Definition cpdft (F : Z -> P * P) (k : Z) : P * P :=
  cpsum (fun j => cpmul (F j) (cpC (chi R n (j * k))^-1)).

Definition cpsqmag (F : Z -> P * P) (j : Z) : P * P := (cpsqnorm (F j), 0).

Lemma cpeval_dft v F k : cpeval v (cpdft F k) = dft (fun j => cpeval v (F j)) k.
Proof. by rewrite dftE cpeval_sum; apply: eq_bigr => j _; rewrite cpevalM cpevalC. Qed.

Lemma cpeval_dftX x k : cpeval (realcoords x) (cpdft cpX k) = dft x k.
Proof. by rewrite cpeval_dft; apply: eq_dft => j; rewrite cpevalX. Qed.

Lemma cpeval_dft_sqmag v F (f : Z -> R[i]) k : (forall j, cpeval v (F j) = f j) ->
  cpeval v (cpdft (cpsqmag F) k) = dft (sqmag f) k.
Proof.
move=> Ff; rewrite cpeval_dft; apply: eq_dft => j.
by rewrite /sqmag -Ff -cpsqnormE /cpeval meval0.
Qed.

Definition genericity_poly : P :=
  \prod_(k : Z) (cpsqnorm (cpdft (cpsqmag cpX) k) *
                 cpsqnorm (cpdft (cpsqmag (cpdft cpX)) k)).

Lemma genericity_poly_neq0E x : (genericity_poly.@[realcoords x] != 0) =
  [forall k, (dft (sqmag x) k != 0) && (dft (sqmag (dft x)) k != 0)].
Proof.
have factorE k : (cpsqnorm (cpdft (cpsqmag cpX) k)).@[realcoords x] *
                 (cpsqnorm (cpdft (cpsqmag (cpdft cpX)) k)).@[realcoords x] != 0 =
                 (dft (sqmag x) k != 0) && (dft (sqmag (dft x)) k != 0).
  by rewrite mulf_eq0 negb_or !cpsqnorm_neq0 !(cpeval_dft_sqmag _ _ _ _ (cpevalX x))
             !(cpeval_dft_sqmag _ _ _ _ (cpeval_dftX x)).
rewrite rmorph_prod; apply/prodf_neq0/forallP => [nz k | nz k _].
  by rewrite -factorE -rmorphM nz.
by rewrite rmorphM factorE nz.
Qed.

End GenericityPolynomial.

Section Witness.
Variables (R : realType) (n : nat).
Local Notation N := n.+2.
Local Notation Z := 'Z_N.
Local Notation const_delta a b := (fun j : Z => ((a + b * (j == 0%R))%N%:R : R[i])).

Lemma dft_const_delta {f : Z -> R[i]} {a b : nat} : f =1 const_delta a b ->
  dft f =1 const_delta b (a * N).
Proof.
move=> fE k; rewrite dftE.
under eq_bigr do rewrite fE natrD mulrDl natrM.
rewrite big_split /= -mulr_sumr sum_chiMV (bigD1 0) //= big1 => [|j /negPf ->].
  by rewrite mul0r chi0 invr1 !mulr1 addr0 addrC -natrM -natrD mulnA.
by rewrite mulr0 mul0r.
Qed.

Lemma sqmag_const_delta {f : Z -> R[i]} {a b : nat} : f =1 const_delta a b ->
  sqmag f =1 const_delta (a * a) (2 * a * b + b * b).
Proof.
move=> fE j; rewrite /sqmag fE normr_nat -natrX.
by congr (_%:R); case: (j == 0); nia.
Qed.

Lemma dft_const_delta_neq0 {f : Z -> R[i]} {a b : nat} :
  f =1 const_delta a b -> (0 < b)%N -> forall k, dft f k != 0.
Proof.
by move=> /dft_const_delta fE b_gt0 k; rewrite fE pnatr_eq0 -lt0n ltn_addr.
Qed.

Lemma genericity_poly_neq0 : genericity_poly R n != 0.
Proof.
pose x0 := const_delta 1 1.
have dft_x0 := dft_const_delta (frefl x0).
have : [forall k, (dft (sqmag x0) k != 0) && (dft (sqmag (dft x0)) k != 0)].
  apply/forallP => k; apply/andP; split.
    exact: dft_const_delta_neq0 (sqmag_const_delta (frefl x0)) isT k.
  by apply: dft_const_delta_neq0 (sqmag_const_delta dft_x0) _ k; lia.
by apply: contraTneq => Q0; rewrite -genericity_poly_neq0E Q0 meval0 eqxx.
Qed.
==
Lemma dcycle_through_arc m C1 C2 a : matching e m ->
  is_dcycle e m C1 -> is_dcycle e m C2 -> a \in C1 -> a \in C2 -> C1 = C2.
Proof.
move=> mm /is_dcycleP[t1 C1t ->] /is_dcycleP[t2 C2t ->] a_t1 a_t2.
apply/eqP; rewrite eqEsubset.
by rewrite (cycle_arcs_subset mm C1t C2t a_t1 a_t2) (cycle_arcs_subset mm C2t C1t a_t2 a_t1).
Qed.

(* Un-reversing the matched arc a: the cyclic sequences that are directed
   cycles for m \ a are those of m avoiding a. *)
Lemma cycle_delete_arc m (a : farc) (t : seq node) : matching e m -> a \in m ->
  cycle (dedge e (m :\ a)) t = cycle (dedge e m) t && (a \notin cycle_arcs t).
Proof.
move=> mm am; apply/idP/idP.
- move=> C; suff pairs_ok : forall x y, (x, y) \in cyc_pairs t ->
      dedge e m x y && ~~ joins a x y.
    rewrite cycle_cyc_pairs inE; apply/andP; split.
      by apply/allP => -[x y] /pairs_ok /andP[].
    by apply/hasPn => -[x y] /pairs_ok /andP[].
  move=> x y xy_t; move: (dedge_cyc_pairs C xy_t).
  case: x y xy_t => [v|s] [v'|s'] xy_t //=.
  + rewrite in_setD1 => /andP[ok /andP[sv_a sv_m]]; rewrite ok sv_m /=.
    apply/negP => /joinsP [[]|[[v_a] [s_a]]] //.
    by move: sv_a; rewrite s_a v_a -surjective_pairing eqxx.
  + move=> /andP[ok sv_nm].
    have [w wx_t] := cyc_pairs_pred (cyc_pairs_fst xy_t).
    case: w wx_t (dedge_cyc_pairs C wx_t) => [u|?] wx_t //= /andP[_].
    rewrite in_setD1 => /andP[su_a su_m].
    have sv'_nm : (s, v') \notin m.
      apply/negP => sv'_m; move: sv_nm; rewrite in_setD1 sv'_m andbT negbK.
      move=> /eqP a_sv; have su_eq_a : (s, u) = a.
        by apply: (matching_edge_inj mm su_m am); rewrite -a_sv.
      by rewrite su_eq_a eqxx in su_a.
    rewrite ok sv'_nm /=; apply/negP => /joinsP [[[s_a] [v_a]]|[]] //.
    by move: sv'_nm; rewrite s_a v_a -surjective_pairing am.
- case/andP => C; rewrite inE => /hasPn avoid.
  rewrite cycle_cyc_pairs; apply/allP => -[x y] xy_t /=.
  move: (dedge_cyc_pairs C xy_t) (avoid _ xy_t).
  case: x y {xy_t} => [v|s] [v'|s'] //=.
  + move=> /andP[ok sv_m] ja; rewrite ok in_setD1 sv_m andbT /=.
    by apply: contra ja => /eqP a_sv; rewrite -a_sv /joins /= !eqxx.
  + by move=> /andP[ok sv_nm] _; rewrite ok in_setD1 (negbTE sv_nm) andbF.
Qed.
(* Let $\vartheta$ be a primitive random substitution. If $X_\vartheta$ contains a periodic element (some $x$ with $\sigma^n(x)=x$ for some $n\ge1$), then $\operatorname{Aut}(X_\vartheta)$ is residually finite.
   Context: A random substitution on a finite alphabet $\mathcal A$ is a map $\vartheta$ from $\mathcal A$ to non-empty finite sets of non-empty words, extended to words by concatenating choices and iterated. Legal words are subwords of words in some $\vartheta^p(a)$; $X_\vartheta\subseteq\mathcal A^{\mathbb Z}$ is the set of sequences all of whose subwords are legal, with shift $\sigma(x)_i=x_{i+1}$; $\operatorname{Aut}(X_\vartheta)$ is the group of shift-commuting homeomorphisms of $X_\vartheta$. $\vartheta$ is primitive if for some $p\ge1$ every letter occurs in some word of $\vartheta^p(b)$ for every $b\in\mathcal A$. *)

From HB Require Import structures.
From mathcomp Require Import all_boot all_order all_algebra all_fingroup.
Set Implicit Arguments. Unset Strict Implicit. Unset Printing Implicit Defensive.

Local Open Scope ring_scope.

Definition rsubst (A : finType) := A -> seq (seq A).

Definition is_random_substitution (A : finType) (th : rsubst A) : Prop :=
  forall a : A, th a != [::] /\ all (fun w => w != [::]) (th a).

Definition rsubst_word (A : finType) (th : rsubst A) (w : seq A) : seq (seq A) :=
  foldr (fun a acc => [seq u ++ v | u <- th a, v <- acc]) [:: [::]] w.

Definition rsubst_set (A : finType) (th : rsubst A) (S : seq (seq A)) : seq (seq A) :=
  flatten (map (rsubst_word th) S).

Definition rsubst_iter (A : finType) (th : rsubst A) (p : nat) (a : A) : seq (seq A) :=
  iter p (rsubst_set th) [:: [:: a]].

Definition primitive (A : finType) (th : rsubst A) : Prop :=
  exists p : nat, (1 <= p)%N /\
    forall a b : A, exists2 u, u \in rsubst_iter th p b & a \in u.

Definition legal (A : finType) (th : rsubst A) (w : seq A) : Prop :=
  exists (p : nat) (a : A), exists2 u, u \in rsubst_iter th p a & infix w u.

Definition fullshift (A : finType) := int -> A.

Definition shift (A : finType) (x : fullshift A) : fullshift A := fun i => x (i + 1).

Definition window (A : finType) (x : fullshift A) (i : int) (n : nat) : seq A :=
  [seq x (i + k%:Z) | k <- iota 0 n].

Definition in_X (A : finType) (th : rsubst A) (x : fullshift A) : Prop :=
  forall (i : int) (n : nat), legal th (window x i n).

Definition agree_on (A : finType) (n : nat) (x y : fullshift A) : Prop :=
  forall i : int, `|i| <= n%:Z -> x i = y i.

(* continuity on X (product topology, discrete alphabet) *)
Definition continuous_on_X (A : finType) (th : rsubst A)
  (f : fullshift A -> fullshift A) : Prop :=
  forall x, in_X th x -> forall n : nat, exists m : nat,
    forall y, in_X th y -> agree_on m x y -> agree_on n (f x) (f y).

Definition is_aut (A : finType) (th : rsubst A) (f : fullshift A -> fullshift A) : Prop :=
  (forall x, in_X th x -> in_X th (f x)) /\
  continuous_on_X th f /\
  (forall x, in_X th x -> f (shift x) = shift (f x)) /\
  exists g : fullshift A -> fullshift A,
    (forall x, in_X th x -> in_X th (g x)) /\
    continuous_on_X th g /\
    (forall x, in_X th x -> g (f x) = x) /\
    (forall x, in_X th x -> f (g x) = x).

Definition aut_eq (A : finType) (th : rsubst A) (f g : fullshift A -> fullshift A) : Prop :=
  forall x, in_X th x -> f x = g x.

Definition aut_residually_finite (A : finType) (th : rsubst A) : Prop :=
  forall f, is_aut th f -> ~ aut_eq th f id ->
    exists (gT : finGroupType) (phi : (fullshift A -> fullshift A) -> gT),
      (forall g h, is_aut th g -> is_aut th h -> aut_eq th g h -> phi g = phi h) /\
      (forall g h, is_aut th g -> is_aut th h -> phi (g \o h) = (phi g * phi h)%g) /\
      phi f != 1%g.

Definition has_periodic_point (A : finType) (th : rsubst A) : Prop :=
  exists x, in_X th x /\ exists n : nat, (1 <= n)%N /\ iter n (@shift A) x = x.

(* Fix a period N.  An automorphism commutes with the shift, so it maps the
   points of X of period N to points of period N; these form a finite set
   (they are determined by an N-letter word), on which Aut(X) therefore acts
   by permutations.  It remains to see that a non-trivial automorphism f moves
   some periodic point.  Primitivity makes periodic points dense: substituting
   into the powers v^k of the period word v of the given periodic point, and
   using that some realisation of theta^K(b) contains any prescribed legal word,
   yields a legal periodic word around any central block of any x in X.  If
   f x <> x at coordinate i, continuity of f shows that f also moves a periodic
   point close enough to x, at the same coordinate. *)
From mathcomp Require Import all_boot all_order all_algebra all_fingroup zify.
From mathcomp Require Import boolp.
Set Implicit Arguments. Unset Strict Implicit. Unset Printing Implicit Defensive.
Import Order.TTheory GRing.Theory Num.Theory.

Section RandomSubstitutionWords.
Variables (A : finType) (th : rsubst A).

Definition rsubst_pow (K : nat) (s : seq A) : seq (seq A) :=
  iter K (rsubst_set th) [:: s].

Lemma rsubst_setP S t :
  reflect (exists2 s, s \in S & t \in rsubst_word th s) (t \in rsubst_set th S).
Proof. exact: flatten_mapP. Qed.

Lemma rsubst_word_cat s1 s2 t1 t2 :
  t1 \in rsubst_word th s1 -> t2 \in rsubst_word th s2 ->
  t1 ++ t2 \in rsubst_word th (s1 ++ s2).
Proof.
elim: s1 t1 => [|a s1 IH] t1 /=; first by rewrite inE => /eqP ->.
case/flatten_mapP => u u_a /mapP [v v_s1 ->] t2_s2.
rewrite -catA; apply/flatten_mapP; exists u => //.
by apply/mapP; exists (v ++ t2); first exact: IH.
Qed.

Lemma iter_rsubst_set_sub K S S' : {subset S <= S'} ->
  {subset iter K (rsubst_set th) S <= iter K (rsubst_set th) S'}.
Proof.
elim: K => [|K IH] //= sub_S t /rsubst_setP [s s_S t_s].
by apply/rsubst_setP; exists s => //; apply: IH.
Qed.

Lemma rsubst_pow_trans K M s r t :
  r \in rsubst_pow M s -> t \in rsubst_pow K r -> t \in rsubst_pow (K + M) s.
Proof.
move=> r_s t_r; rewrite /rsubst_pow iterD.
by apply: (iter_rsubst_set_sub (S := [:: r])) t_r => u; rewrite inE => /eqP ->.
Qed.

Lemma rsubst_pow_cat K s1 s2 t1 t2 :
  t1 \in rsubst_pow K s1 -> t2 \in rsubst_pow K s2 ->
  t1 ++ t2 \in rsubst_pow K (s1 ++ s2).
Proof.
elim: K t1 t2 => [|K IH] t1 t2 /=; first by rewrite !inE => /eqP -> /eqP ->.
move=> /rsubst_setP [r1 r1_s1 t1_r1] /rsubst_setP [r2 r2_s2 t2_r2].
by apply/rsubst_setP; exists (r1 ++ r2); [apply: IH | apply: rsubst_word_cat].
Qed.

EXERCISE DESCRIPTION
Filter the listing down to the lines holding the word "cpdft", and return those.

YOUR RESPONSE
Definition cpdft (F : Z -> P * P) (k : Z) : P * P :=
Lemma cpeval_dft v F k : cpeval v (cpdft F k) = dft (fun j => cpeval v (F j)) k.
Lemma cpeval_dftX x k : cpeval (realcoords x) (cpdft cpX k) = dft x k.
  cpeval v (cpdft (cpsqmag F) k) = dft (sqmag f) k.
  \prod_(k : Z) (cpsqnorm (cpdft (cpsqmag cpX) k) *
                 cpsqnorm (cpdft (cpsqmag (cpdft cpX)) k)).
have factorE k : (cpsqnorm (cpdft (cpsqmag cpX) k)).@[realcoords x] *
                 (cpsqnorm (cpdft (cpsqmag (cpdft cpX)) k)).@[realcoords x] != 0 =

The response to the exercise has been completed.